● **WORK ORDER**: Repeat only the lines below from the one containing "- exact: A_clique." through the one containing "exists sA; split=> //.", inclusive, exactly as written.
+++
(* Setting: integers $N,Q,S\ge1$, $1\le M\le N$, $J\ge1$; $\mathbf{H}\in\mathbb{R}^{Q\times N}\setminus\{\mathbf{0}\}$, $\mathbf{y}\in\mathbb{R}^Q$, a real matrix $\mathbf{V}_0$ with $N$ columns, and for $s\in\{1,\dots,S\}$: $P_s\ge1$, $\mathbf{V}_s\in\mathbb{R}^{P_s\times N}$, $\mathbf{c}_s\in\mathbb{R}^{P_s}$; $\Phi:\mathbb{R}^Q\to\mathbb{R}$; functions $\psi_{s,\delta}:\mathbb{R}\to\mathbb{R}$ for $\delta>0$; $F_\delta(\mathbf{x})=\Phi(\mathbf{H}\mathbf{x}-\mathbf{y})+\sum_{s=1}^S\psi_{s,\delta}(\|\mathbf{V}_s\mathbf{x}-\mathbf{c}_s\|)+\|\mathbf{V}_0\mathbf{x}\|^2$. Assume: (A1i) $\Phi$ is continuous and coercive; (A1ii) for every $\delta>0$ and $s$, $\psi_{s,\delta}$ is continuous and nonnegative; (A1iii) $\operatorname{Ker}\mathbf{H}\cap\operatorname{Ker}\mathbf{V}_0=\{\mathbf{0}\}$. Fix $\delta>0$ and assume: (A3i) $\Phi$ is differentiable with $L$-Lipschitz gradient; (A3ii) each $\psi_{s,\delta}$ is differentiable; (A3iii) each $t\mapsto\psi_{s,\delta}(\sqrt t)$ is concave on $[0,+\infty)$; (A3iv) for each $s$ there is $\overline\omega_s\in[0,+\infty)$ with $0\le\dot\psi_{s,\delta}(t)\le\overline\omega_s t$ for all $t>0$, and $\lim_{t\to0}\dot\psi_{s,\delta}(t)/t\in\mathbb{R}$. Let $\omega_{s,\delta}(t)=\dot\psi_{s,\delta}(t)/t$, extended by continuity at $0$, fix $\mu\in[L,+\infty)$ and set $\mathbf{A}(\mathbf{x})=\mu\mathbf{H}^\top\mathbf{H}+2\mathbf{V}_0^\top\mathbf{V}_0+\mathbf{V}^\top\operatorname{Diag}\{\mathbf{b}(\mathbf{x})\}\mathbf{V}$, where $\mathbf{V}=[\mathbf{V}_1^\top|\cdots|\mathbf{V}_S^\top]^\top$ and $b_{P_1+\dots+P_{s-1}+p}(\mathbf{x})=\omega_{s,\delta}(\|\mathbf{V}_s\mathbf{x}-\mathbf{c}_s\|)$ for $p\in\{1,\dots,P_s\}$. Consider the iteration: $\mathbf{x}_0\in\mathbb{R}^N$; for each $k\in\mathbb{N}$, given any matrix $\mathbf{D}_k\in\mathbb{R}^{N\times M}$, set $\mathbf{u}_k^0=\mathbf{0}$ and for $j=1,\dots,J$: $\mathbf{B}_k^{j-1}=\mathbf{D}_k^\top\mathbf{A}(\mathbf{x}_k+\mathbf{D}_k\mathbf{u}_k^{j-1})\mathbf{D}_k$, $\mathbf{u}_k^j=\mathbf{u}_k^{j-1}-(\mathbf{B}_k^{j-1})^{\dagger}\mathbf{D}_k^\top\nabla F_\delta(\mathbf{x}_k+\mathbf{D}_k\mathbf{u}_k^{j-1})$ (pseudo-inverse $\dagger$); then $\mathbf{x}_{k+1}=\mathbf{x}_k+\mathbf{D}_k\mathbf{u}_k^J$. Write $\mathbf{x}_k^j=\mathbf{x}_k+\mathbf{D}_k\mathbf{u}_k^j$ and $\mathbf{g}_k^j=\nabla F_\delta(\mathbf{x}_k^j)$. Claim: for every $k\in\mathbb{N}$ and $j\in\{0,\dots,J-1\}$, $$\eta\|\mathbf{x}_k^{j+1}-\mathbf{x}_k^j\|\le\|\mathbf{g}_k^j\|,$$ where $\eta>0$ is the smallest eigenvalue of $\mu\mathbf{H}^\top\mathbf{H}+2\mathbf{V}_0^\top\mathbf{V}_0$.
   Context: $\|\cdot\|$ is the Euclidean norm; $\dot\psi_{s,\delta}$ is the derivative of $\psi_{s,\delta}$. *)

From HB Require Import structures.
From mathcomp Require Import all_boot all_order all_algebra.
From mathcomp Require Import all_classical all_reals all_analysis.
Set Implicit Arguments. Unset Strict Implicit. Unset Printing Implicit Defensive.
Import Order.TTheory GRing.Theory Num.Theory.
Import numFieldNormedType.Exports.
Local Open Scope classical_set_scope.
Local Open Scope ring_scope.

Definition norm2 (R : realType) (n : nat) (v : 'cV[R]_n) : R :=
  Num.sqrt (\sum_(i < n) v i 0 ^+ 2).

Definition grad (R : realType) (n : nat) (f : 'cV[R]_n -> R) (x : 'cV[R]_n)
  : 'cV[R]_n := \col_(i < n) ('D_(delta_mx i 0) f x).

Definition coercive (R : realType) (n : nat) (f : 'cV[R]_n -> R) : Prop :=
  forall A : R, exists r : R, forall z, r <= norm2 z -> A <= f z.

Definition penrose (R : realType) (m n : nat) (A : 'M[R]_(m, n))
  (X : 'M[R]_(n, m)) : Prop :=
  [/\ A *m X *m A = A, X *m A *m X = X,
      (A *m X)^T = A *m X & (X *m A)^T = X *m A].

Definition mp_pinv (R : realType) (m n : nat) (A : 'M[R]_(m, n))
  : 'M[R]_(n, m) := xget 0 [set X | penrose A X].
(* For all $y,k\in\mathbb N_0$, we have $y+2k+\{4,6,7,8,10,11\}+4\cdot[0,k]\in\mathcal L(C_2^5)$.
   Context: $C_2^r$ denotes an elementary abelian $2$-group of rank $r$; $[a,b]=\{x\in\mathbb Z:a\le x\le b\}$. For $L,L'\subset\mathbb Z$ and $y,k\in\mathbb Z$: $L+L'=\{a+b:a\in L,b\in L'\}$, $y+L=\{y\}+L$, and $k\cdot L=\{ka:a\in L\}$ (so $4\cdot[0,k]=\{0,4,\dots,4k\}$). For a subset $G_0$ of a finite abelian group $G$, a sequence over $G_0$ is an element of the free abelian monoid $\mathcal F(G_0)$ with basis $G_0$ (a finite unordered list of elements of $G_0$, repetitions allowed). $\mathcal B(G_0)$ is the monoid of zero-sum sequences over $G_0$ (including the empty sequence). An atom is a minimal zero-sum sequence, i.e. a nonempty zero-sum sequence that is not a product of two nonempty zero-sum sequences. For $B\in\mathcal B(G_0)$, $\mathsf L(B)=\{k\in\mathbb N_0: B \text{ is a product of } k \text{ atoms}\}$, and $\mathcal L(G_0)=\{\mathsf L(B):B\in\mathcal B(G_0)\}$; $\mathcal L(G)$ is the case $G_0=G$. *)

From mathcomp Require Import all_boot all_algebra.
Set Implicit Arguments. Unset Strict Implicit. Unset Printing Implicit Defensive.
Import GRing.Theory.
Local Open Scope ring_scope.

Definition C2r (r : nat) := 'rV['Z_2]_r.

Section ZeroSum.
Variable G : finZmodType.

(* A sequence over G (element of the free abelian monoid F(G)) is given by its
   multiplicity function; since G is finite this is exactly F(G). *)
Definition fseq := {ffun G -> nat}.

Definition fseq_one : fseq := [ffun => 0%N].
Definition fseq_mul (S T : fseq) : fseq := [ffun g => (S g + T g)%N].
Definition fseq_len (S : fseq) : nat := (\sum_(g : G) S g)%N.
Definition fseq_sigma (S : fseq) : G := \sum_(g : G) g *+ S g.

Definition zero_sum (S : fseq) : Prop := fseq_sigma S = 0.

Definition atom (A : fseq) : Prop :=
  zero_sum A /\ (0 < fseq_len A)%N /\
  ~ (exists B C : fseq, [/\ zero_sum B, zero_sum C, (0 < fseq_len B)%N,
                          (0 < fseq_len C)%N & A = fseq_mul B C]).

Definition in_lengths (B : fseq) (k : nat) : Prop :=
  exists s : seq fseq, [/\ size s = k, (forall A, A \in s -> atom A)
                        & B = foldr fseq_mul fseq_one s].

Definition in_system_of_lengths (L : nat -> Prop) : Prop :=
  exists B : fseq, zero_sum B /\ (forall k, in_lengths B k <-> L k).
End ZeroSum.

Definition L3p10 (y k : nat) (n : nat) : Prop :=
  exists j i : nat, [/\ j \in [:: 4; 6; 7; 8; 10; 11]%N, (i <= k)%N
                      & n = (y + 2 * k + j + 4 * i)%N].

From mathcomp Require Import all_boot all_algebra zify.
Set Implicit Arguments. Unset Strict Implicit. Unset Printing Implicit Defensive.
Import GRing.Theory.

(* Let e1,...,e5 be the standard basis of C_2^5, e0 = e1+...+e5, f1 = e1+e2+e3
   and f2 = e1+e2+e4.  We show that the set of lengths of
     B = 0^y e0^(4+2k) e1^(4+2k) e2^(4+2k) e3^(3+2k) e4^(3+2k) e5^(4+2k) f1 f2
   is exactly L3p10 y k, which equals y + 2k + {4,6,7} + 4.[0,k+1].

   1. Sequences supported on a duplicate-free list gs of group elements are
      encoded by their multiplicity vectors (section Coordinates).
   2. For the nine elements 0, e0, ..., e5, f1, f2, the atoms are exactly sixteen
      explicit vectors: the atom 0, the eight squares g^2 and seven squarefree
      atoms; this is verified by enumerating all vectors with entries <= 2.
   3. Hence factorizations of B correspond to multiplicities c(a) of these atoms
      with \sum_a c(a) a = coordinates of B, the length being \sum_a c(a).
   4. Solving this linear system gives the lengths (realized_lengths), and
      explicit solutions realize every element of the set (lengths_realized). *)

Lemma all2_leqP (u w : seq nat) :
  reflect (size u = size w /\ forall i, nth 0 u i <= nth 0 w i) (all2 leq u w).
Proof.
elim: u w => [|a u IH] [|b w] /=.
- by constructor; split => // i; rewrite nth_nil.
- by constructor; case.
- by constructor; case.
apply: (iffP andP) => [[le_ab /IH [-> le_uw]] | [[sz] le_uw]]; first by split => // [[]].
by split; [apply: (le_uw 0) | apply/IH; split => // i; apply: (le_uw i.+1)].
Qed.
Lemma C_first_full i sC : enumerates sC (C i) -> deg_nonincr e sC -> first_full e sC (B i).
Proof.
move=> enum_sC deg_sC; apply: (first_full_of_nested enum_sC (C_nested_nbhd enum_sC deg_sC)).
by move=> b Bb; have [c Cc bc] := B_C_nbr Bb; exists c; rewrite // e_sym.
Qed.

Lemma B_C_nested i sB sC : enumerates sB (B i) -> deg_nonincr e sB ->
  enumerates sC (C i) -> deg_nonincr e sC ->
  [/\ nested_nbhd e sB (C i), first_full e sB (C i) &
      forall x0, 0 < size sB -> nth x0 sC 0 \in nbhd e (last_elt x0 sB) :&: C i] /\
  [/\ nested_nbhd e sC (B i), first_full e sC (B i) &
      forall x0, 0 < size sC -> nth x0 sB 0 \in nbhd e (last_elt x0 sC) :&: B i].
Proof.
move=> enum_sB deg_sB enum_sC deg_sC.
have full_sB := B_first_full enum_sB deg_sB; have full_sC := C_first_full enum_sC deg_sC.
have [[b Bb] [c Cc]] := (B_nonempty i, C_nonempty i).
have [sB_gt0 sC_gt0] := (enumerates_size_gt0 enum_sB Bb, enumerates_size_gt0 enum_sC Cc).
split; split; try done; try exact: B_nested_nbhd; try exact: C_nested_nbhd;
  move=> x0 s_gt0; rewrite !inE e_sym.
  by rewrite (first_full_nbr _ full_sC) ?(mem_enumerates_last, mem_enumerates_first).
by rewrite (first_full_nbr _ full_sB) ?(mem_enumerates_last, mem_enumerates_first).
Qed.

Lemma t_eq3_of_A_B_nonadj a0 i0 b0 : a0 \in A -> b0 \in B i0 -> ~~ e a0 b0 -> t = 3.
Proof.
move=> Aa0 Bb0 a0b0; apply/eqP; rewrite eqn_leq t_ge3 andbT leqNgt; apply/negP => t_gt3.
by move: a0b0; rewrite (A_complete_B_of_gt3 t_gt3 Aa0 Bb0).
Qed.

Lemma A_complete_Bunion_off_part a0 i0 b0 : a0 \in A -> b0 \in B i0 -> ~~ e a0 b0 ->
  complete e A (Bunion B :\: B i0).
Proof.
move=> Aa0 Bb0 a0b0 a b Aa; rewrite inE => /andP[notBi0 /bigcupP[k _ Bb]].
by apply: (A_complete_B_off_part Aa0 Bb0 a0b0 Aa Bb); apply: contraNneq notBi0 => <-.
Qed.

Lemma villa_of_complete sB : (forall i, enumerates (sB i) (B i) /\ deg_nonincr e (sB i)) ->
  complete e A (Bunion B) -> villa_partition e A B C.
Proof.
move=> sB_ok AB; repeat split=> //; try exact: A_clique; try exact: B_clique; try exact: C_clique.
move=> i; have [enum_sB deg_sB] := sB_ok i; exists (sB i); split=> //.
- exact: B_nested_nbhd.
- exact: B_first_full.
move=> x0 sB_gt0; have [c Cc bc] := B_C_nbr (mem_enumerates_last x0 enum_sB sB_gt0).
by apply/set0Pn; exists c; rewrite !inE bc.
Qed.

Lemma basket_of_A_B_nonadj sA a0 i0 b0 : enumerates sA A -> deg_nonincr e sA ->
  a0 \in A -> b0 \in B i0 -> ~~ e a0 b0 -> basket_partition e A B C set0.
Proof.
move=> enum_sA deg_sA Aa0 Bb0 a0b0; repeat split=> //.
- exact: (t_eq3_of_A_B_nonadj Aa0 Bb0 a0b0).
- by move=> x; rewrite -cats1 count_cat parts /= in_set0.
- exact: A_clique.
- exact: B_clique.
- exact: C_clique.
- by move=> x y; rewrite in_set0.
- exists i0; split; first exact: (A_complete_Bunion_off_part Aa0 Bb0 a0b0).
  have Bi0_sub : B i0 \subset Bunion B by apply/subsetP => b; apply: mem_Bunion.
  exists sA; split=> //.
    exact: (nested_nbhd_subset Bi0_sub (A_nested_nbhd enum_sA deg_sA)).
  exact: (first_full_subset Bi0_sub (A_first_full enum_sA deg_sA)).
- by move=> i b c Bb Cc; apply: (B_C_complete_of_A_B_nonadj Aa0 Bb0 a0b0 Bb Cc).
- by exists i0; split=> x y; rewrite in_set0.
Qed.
+++
● **RESPONSE BELOW**:
- exact: A_clique.
- exact: B_clique.
- exact: C_clique.
- by move=> x y; rewrite in_set0.
- exists i0; split; first exact: (A_complete_Bunion_off_part Aa0 Bb0 a0b0).
  have Bi0_sub : B i0 \subset Bunion B by apply/subsetP => b; apply: mem_Bunion.
  exists sA; split=> //.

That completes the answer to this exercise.